As lejlot said, only distances between points are not enough to run k-means in the classic sense. It's easy to understand if you understand the nature of k-means. On a high level, k-means works as follows:
1) Randomly assign points to cluster.
(Technically, there are more sophisticated ways of initial partitioning,
but that's not essential right now).
2) Compute centroids of the cluster.
(This is where you need the actual coordinates of the points.)
3) Reassign each point to a cluster with the closest centroid.
4) Repeat steps 2)-3) until stop condition is met.
So, as you can see, in the classic interpretation, k-means will not work, because it is unclear how to compute centroids. However, I have several suggestions of what you could do.
Suggestion 1.
Embed your points in N-dimensional space, where N is the number of points, so that the coordinates of each point are the distances to all the other points.

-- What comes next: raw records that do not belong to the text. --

Local Notation g1 := ((1, true) : letter).
Local Notation e := (gvec P (pe P 1) 1).
Local Notation good := (all (good_letter P)).

(* [conj1 w] represents g_1^(-1) w g_1, read off the relations g_j g_1 = g_1 g^(a_(1,j)). *)
Definition conj1_letter (l : letter) : word :=
  if l.2 then gvec P (pa P 1 l.1) 1 else winv (gvec P (pa P 1 l.1) 1).

Definition conj1 (w : word) : word := flatten (map conj1_letter w).

Definition count_g1 (w : word) : nat := count (pred1 g1) w.

(* w = g_1^(count_g1 w) * pull_g1 w in H: every letter is conjugated once per g_1 to its right. *)
Fixpoint pull_g1 (w : word) : word :=
  match w with
  | [::] => [::]
  | l :: r => if l == g1 then pull_g1 r else iter (count_g1 r) conj1 [:: l] ++ pull_g1 r
  end.

(* Provided by sigma, which agrees with conj1 on H^[2]. *)
Hypothesis conj1_compat : forall u v, wf P 2 u -> wf P 2 v -> eqH P 2 u v ->
  eqH P 2 (conj1 u) (conj1 v).

Lemma r1_gt0 : 0 < r1.
Proof. exact: Hpcp.1 Hr1. Qed.

Lemma conj1_cat u v : conj1 (u ++ v) = conj1 u ++ conj1 v.
Proof. by rewrite /conj1 map_cat flatten_cat. Qed.

Lemma iter_conj1_cat n u v : iter n conj1 (u ++ v) = iter n conj1 u ++ iter n conj1 v.
Proof. by elim: n => //= n ->; rewrite conj1_cat. Qed.

Lemma iter_conj1_nil n : iter n conj1 [::] = [::].
Proof. by elim: n => //= n ->. Qed.

Lemma conj1_winv w : conj1 (winv w) = winv (conj1 w).
Proof.
elim: w => [|[k b] w IH] //; rewrite winv_cons conj1_cat IH -cat1s conj1_cat winv_cat.
by rewrite /conj1 /= !cats0 /conj1_letter; case: b => //=; rewrite winvK.
Qed.

Lemma iter_conj1_winv n w : iter n conj1 (winv w) = winv (iter n conj1 w).
Proof. by elim: n => //= n ->; rewrite conj1_winv. Qed.

Lemma conj1_wf w : wf P 2 (conj1 w).
Proof.
elim: w => //= l w IH; rewrite wf_cat IH andbT /conj1_letter.
by case: ifP; rewrite ?wf_winv gvec_wf.
Qed.

Lemma iter_conj1_wf n w : wf P 2 w -> wf P 2 (iter n conj1 w).
Proof. by case: n => //= n _; apply: conj1_wf. Qed.

Lemma iter_conj1_eqH n u v : wf P 2 u -> wf P 2 v -> eqH P 2 u v ->
  eqH P 2 (iter n conj1 u) (iter n conj1 v).
Proof.
move=> Hu Hv Huv; elim: n => //= n IH.
by apply: conj1_compat => //; apply: iter_conj1_wf.
Qed.

Lemma count_g1_cat u v : count_g1 (u ++ v) = count_g1 u + count_g1 v.
Proof. exact: count_cat. Qed.

Lemma count_g1_nseq m : count_g1 (nseq m g1) = m.
Proof. by rewrite /count_g1 count_nseq /= mul1n. Qed.

Lemma count_g1_wf w : wf P 2 w -> count_g1 w = 0.
Proof.
move=> Hw; apply/eqP; rewrite -leqn0 leqNgt -has_count; apply/hasPn => l /(allP Hw).
by case: l => k b /= /andP[Hk _]; apply/eqP => -[Ek _]; rewrite Ek in Hk.
Qed.

Lemma pull_g1_cat u v : pull_g1 (u ++ v) = iter (count_g1 v) conj1 (pull_g1 u) ++ pull_g1 v.
Proof.
elim: u => [|l u IH] /=; first by rewrite iter_conj1_nil.
case: ifP => _; first exact: IH.
by rewrite IH iter_conj1_cat catA count_g1_cat addnC iterD.
Qed.

Lemma pull_g1_id w : count_g1 w = 0 -> pull_g1 w = w.
Proof.
elim: w => //= l w IH; rewrite /count_g1 /=.
by case: (eqVneq l g1) => [->|Hl] //=; rewrite add0n => Hw; rewrite Hw IH.
Qed.

Lemma pull_g1_nseq m w : pull_g1 (nseq m g1 ++ w) = pull_g1 w.
Proof. by elim: m => //= m ->. Qed.

Lemma good_letter_ge2 l : good_letter P l -> l != g1 -> 1 < l.1 <= pn P.
Proof.
case: l => k b; rewrite /good_letter /= => /andP[/andP[H1 ->] Hb] Hne; rewrite andbT.
case: (ltngtP 1 k) => // Ek; first lia.
by move: Hb Hne; rewrite -Ek Hr1 orbF => ->.
Qed.

Lemma good_letter_g1 b : good_letter P (1, b) -> b.
Proof. by rewrite /good_letter /= Hr1 orbF => /andP[]. Qed.

Lemma pair_exp_conj1 j bj : 1 < j <= pn P -> bj || (pr P j == None) ->
  eqH P 2 (gvec P (pair_exp P bj true 1 j) 1) (conj1_letter (j, bj)).
Proof.
move=> Hj; case: bj => /= [_|/eqP Hpj]; first reflexivity.
rewrite /conj1_letter /=; transitivity
  ((winv (gvec P (pa P 1 j) 1) ++ gvec P (pa P 1 j) 1) ++ gvec P (pc P 1 j) 1).
  by rewrite winv_cat_eqH ?gvec_wf //; reflexivity.
by rewrite -catA Hder.1 ?cats0 //; reflexivity.
Qed.

Lemma pull_g1_local A seg rhs B : count_g1 seg = count_g1 rhs ->
  wf P 2 (pull_g1 seg) -> wf P 2 (pull_g1 rhs) -> eqH P 2 (pull_g1 rhs) (pull_g1 seg) ->
  count_g1 (A ++ rhs ++ B) = count_g1 (A ++ seg ++ B) /\
  eqH P 2 (pull_g1 (A ++ rhs ++ B)) (pull_g1 (A ++ seg ++ B)).
Proof.
move=> Hc Hs Hr H; split; first by rewrite !count_g1_cat Hc.
rewrite !pull_g1_cat !count_g1_cat Hc.
by apply: cat_eqH_proper; [|apply: cat_eqH_proper; [exact: iter_conj1_eqH|]]; reflexivity.
Qed.
(* Let $G$ be a simple stochastic game, $A$ a subset of the arcs of $G$, and $\sigma,\sigma'$ two positional MAX strategies. If $\sigma' \succ_{G[A,\sigma]} \sigma$, then $\sigma' >_G \sigma$.
   Context: A simple stochastic game (SSG) $G$ is a finite directed graph whose vertex set is partitioned into MAX vertices, MIN vertices, random vertices and a nonempty set of sinks; every non-sink vertex has at least one outgoing arc, every sink has exactly one outgoing arc, a self-loop; each random vertex $x$ carries a rational probability distribution $p_x$ on its out-neighbourhood, positive on every out-neighbour; each sink $s$ has rational value $\mathrm{Val}(s)\in[0,1]$. The game is not assumed to be stopping. A positional MAX (resp. MIN) strategy assigns to each MAX (resp. MIN) vertex one of its out-neighbours. Under $\sigma,\tau$ from start $x_0$, the random play moves from MAX vertex $x$ to $\sigma(x)$, from MIN vertex $x$ to $\tau(x)$, from random vertex $x$ to an out-neighbour drawn by $p_x$ independently, and stays at a sink once reached; its value is $\mathrm{Val}(s)$ if it reaches sink $s$, else $0$ (in particular if it never reaches a sink), and $v^G_{\sigma,\tau}(x_0)$ is its expectation. $v^G_\sigma:=v^G_{\sigma,\tau}$ for a best response $\tau$, i.e. a MIN strategy with $v_{\sigma,\tau}\le v_{\sigma,\tau'}$ pointwise for all MIN strategies $\tau'$ (a positional one exists). Vectors are compared pointwise: $v\ge v'$ if $v(x)\ge v'(x)$ for all $x$, and $v>v'$ if $v\ge v'$ and $v\ne v'$. We write $\sigma'>_G\sigma$ if $v^G_{\sigma'}>v^G_\sigma$, and $\sigma'\succ_G\sigma$ if $\sigma'>_G\sigma$ and, for every MAX vertex $x$ with $v^G_{\sigma'}(x)=v^G_\sigma(x)$, $\sigma'(x)=\sigma(x)$. Transformed game: $G[A,\sigma]$ is obtained from a copy of $G$ by replacing each arc $e=(x,y)\in A$ by an arc $(x,s_e)$ to a new sink $s_e$ of value $v^G_\sigma(y)$ (for random $x$, $p_x(s_e)=p_x(y)$); $y$ is kept. Strategies of $G$ and $G[A,\sigma]$ are identified (a MAX vertex $x$ with $\sigma(x)=y$, $(x,y)\in A$, moves to $s_{(x,y)}$), and value vectors in $G[A,\sigma]$ are compared only on the vertices of $G$. *)

From HB Require Import structures.
From Stdlib Require Import ClassicalEpsilon.
From mathcomp Require Import all_boot all_order all_algebra.
From mathcomp Require Import all_classical all_reals all_analysis.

For example the data you showed:
Sample1,Sample2,45
Sample1,Sample3,69
Sample1,Sample4,12
Sample2,Sample2,46
Sample2,Sample1,78
becomes:
Sample1: (0,45,69,12,...)
Sample2: (78,46,0,0,...)
Then you can legitimately use Euclidean distance. Note, that the actual distances between points will not be preserved, but this could be a simple and reasonable approximation to preserve relative distances between the points. Another disadvantage is that if you have a lot of points, than your memory (and running time) requirements will be order of N^2.
Suggestion 2.
Instead of k-means, try k-medoids. For this one, you do not need the actual coordinates of the points, because instead of centroid, you need to compute medoids. Medoid of a cluster is a points from this cluster, whish has the smallest average distance to all other points in this cluster. You could look for the implementations online. Or it's actually pretty easy to implement. The running time will be proportional to N^2 as well.
Final remark.
Why do you wan to use k-means at all? Seems like you have a weighted directed graph. There are clustering algorithms specially intended for graphs. This is beyond the scope of your question, but maybe this is something that could be worth considering?